Exercise inputs Start Marker

Lemma Gamma_lower (q : R) : 0 < q -> exp (-1) / (2 * q) <= Gamma q.
Proof.
  intros Hq.
  (* On [a, 1], e^(-t) >= e^(-1), and a^q = 1/2 makes the integral of t^(q-1) equal 1/(2q). *)
  set (a := Rpower (1 / 2) (1 / q)).
  assert (Ha : 0 < a < 1).
  { split; [apply exp_pos |].
    rewrite <- exp_0. apply exp_increasing.
    assert (ln (1 / 2) < 0) by (rewrite <- ln_1; apply ln_increasing; lra).
    assert (0 < 1 / q) by (apply Rdiv_lt_0_compat; lra). nra. }
  assert (Haq : Rpower a q = 1 / 2).
  { unfold a. rewrite Rpower_mult. replace (1 / q * q) with 1 by (field; lra).
    apply Rpower_1. lra. }
  assert (Hpow : ex_RInt (fun t => Rpower t (q - 1)) a 1).
  { apply ex_RInt_of_ex_derive_pos; try lra. intros t Ht. unfold Rpower. auto_derive. lra. }
  apply Rle_trans with (RInt (Gamma_integrand q) a 1);
    [| apply (Gamma_bounds q (q + 1)); lra].
  replace (exp (-1) / (2 * q)) with (RInt (fun t => scal (exp (-1)) (Rpower t (q - 1))) a 1).
  2: { rewrite (@RInt_scal R_CompleteNormedModule) by exact Hpow.
       rewrite RInt_Rpower_pred, Haq by lra.
       unfold scal; simpl; unfold mult; simpl. field. lra. }
  apply RInt_le; [lra | | apply ex_RInt_Gamma_integrand; lra |].
  - apply (@ex_RInt_scal R_CompleteNormedModule). exact Hpow.
  - intros t Ht. unfold Gamma_integrand, scal; simpl; unfold mult; simpl.
    rewrite Rmult_comm. apply Rmult_le_compat_l; [apply Rlt_le, exp_pos |].
    apply Rlt_le, exp_increasing. lra.
Qed.

Lemma Gamma_pos (q : R) : 0 < q -> 0 < Gamma q.
Proof.
  intros Hq. apply Rlt_le_trans with (2 := Gamma_lower q Hq).
  apply Rdiv_lt_0_compat; [apply exp_pos | lra].
Qed.

Lemma RInt_Gamma_integrand_1 (a b : R) :
  0 < a -> 0 < b -> RInt (Gamma_integrand 1) a b = exp (- a) - exp (- b).
Proof.
  intros Ha Hb. apply is_RInt_unique.
  apply is_RInt_ext with (f := fun t => exp (- t)).
  { intros t _. unfold Gamma_integrand, Rpower.
    replace ((1 - 1) * ln t) with 0 by ring. rewrite exp_0. now rewrite Rmult_1_l. }
  replace (exp (- a) - exp (- b)) with (- exp (- b) - - exp (- a)) by ring.
  apply (@is_RInt_derive R_CompleteNormedModule (fun t => - exp (- t))).
  - intros t _. auto_derive; auto. ring.
  - intros t _. apply (@ex_derive_continuous R_AbsRing R_NormedModule). auto_derive. auto.
Qed.

Lemma Gamma_1 : Gamma 1 = 1.
Proof.
  apply Rle_antisym.
  - destruct (is_RInt_gen_nonneg_bounded (Gamma_integrand 1) 1) as (l & Hl & _ & Hl1).
    + apply ex_RInt_Gamma_integrand.
    + intros; apply Gamma_integrand_ge0.
    + intros a b Ha Hab. rewrite RInt_Gamma_integrand_1 by lra.
      assert (exp (- a) < 1) by (rewrite <- exp_0; apply exp_increasing; lra).
      pose proof (exp_pos (- b)). lra.
    + rewrite (Gamma_unique 1 l Hl). exact Hl1.
  - apply Rle_plus_epsilon. intros eps Heps.
    (* The integral over [e, 1/e] already exceeds 1 - 2e. *)
    set (e := Rmin (eps / 2) (1 / 2)).
    assert (He : 0 < e <= eps / 2) by (split; [apply Rmin_glb_lt | apply Rmin_l]; lra).
    assert (He1 : e <= 1 / 2) by apply Rmin_r.
    assert (Hinv : 2 <= 1 / e).
    { unfold Rdiv. rewrite Rmult_1_l. replace 2 with (/ (1 / 2)) by field.
      apply Rinv_le_contravar; lra. }
    assert (Hhead : 1 - e <= exp (- e)) by (pose proof (exp_ineq1_le (- e)); lra).
    assert (Htail : exp (- (1 / e)) < e).
    { rewrite exp_Ropp. replace e with (/ (1 / e)) at 2 by (field; lra).
      apply Rinv_lt_contravar; [pose proof (exp_pos (1 / e)); nra |].
      pose proof (exp_ineq1_le (1 / e)). lra. }
    assert (Hsup := proj1 (Gamma_bounds 1 1 ltac:(lra) ltac:(lra)) e (1 / e)).
    rewrite RInt_Gamma_integrand_1 in Hsup by lra. lra.
Qed.

Definition frac_weight (k : nat) (q : R) : R :=
  / Gamma q * (Gamma (INR k + q) / Gamma (INR k + 1)).

Lemma frac_weight_0 (q : R) : 0 < q -> frac_weight 0 q = 1.
Proof.
  intros Hq. unfold frac_weight. rewrite INR_0, !Rplus_0_l, Gamma_1.
  pose proof (Gamma_pos q Hq). field. lra.
Qed.

Lemma frac_weight_linear_bound (k : nat) : (1 <= k)%nat ->
  exists C, forall q, 0 < q < 1 -> Rabs (frac_weight k q) <= C * q.
Proof.
  intros Hk. assert (Hk1 : 1 <= INR k) by (apply (le_INR 1); exact Hk).
  set (B := 1 + 2 * exp ((INR k + 1) * ln (2 * (INR k + 1)))).
  exists (2 * exp 1 * B * Rabs (/ Gamma (INR k + 1))). intros q Hq.
  assert (HGq : 0 < Gamma q) by (apply Gamma_pos; lra).
  assert (Hinv : / Gamma q <= 2 * exp 1 * q).
  { replace (2 * exp 1 * q) with (/ (exp (-1) / (2 * q))).
    - apply Rinv_le_contravar; [| apply Gamma_lower; lra].
      apply Rdiv_lt_0_compat; [apply exp_pos | lra].
    - replace (exp (-1)) with (/ exp 1) by (rewrite <- exp_Ropp; f_equal; ring).
      pose proof (exp_pos 1). field. lra. }
  assert (HGk : 0 <= Gamma (INR k + q) <= B).
  { split; [apply Rlt_le, Gamma_pos; lra |].
    apply Rle_trans with (1 / (INR k + q) + 2 * exp ((INR k + 1) * ln (2 * (INR k + 1)))).
    - apply (Gamma_bounds (INR k + q) (INR k + 1)); lra.
    - unfold B. apply Rplus_le_compat_r.
      unfold Rdiv. rewrite Rmult_1_l, <- Rinv_1. apply Rinv_le_contravar; lra. }
  unfold frac_weight, Rdiv.
  rewrite !Rabs_mult, (Rabs_pos_eq (/ Gamma q)), (Rabs_pos_eq (Gamma (INR k + q)))
    by (try apply Rlt_le, Rinv_0_lt_compat; lra).
  pose proof (Rabs_pos (/ Gamma (INR k + 1))).
  apply Rle_trans with (2 * exp 1 * q * (B * Rabs (/ Gamma (INR k + 1)))); [| nra].
  apply Rmult_le_compat; try nra. apply Rlt_le, Rinv_0_lt_compat. lra.
Qed.

Lemma frac_weight_lim (k : nat) : (1 <= k)%nat ->
  filterlim (frac_weight k) (at_right 0) (locally 0).
Proof.
  intros Hk. destruct (frac_weight_linear_bound k Hk) as [C HC].
  exact (filterlim_at_right0_of_linear_bound _ C HC).
Qed.

Lemma frac_julia_seq_S (q : R) (z0 : C) (z : nat -> C) (n : nat) :
  0 < q < 1 -> frac_julia_seq q z0 z ->
  z (S n) = Cplus z0 (Cplus
    (sum_n_m (fun i => Cmult (RtoC (frac_weight (S n - i) q))
                             (Cmult (z (i - 1)%nat) (z (i - 1)%nat))) 1 n)
    (Cmult (z n) (z n))).
Proof.
  intros Hq [_ Hrec]. rewrite (Hrec (S n)) by lia. f_equal.
  assert (Hdistr : forall (a : C) (u : nat -> C) m p,
             Cmult a (sum_n_m u m p) = sum_n_m (fun k => Cmult a (u k)) m p)
    by (intros; exact (eq_sym (@sum_n_m_mult_l C_Ring a u m p))).
  rewrite Hdistr, sum_n_Sm by lia. change (plus ?x ?y) with (Cplus x y).
  f_equal.
  - apply sum_n_m_ext. intros i. unfold frac_weight. rewrite RtoC_mult. apply Cmult_assoc.
  - rewrite Nat.sub_diag, Nat.sub_succ, Nat.sub_0_r, Cmult_assoc, <- RtoC_mult.
    fold (frac_weight 0 q). rewrite frac_weight_0 by lra. apply Cmult_1_l.
Qed.

Lemma frac_julia_seq_lim (z : R -> nat -> C) (z0 : C) :
  (forall q, 0 < q < 1 -> frac_julia_seq q z0 (z q)) ->
  forall n, filterlim (fun q => z q n) (at_right 0) (locally (Piter z0 (S n))).
Proof.
  intros Hz n. induction n as [[| n] IH] using Wf_nat.lt_wf_ind.
  - replace (Piter z0 1) with z0 by (simpl; unfold P; ring).
    apply (filterlim_ext_loc (fun _ => z0)); [| apply filterlim_const].
    apply (filter_imp _ _ (fun q Hq => eq_sym (proj1 (Hz q Hq)))), at_right0_unit_interval.
  - set (L i := Piter z0 (S (i - 1))).
    replace (Piter z0 (S (S n))) with
      (Cplus z0 (Cplus (sum_n_m (fun i => Cmult (RtoC 0) (Cmult (L i) (L i))) 1 n)
                       (Cmult (Piter z0 (S n)) (Piter z0 (S n))))).
    2: { rewrite (sum_n_m_ext _ (fun _ => zero)), sum_n_m_const_zero
           by (intros; apply Cmult_0_l).
         simpl. unfold P. change (@zero C_AbelianMonoid) with (RtoC 0). ring. }
    apply (filterlim_ext_loc (fun q => Cplus z0 (Cplus
      (sum_n_m (fun i => Cmult (RtoC (frac_weight (S n - i) q))
                              (Cmult (z q (i - 1)%nat) (z q (i - 1)%nat))) 1 n)
      (Cmult (z q n) (z q n))))).
    { apply (filter_imp _ _ (fun q Hq => eq_sym (frac_julia_seq_S q z0 (z q) n Hq (Hz q Hq)))).
      apply at_right0_unit_interval. }
    apply (filterlim_Cplus (at_right 0)); [apply filterlim_const |].
    apply (filterlim_Cplus (at_right 0)).
    + apply (filterlim_sum_n_m (V := C_NormedModule) (at_right 0)
        (fun i q => Cmult (RtoC (frac_weight (S n - i) q))
                          (Cmult (z q (i - 1)%nat) (z q (i - 1)%nat)))
        (fun i => Cmult (RtoC 0) (Cmult (L i) (L i)))).
      intros i Hi.
      apply (filterlim_Cmult (at_right 0)).
      * apply (filterlim_RtoC (at_right 0)), frac_weight_lim. lia.
      * apply (filterlim_Cmult (at_right 0)); apply IH; lia.
    + apply (filterlim_Cmult (at_right 0)); apply IH; lia.
Qed.

Lemma Mandelbrot_iff_bounded_orbit (a : C) :
  Mandelbrot a <-> exists M, forall n, Cmod (Piter a (S n)) <= M.
Proof.
  split; intros [M HM]; exists M.
  - intros n. apply HM. lia.
  - intros [| n] Hn; [lia | apply HM].
Qed.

Exercise inputs End Marker

Copy the entries above exactly, but only from the line holding "replace (exp (- a)" through the line holding "RInt_Gamma_integrand_1 by lra.", both included.

**Solution to the exercise**.
  replace (exp (- a) - exp (- b)) with (- exp (- b) - - exp (- a)) by ring.
  apply (@is_RInt_derive R_CompleteNormedModule (fun t => - exp (- t))).
  - intros t _. auto_derive; auto. ring.
  - intros t _. apply (@ex_derive_continuous R_AbsRing R_NormedModule). auto_derive. auto.
Qed.

Lemma Gamma_1 : Gamma 1 = 1.
Proof.
  apply Rle_antisym.
  - destruct (is_RInt_gen_nonneg_bounded (Gamma_integrand 1) 1) as (l & Hl & _ & Hl1).
    + apply ex_RInt_Gamma_integrand.
    + intros; apply Gamma_integrand_ge0.
    + intros a b Ha Hab. rewrite RInt_Gamma_integrand_1 by lra.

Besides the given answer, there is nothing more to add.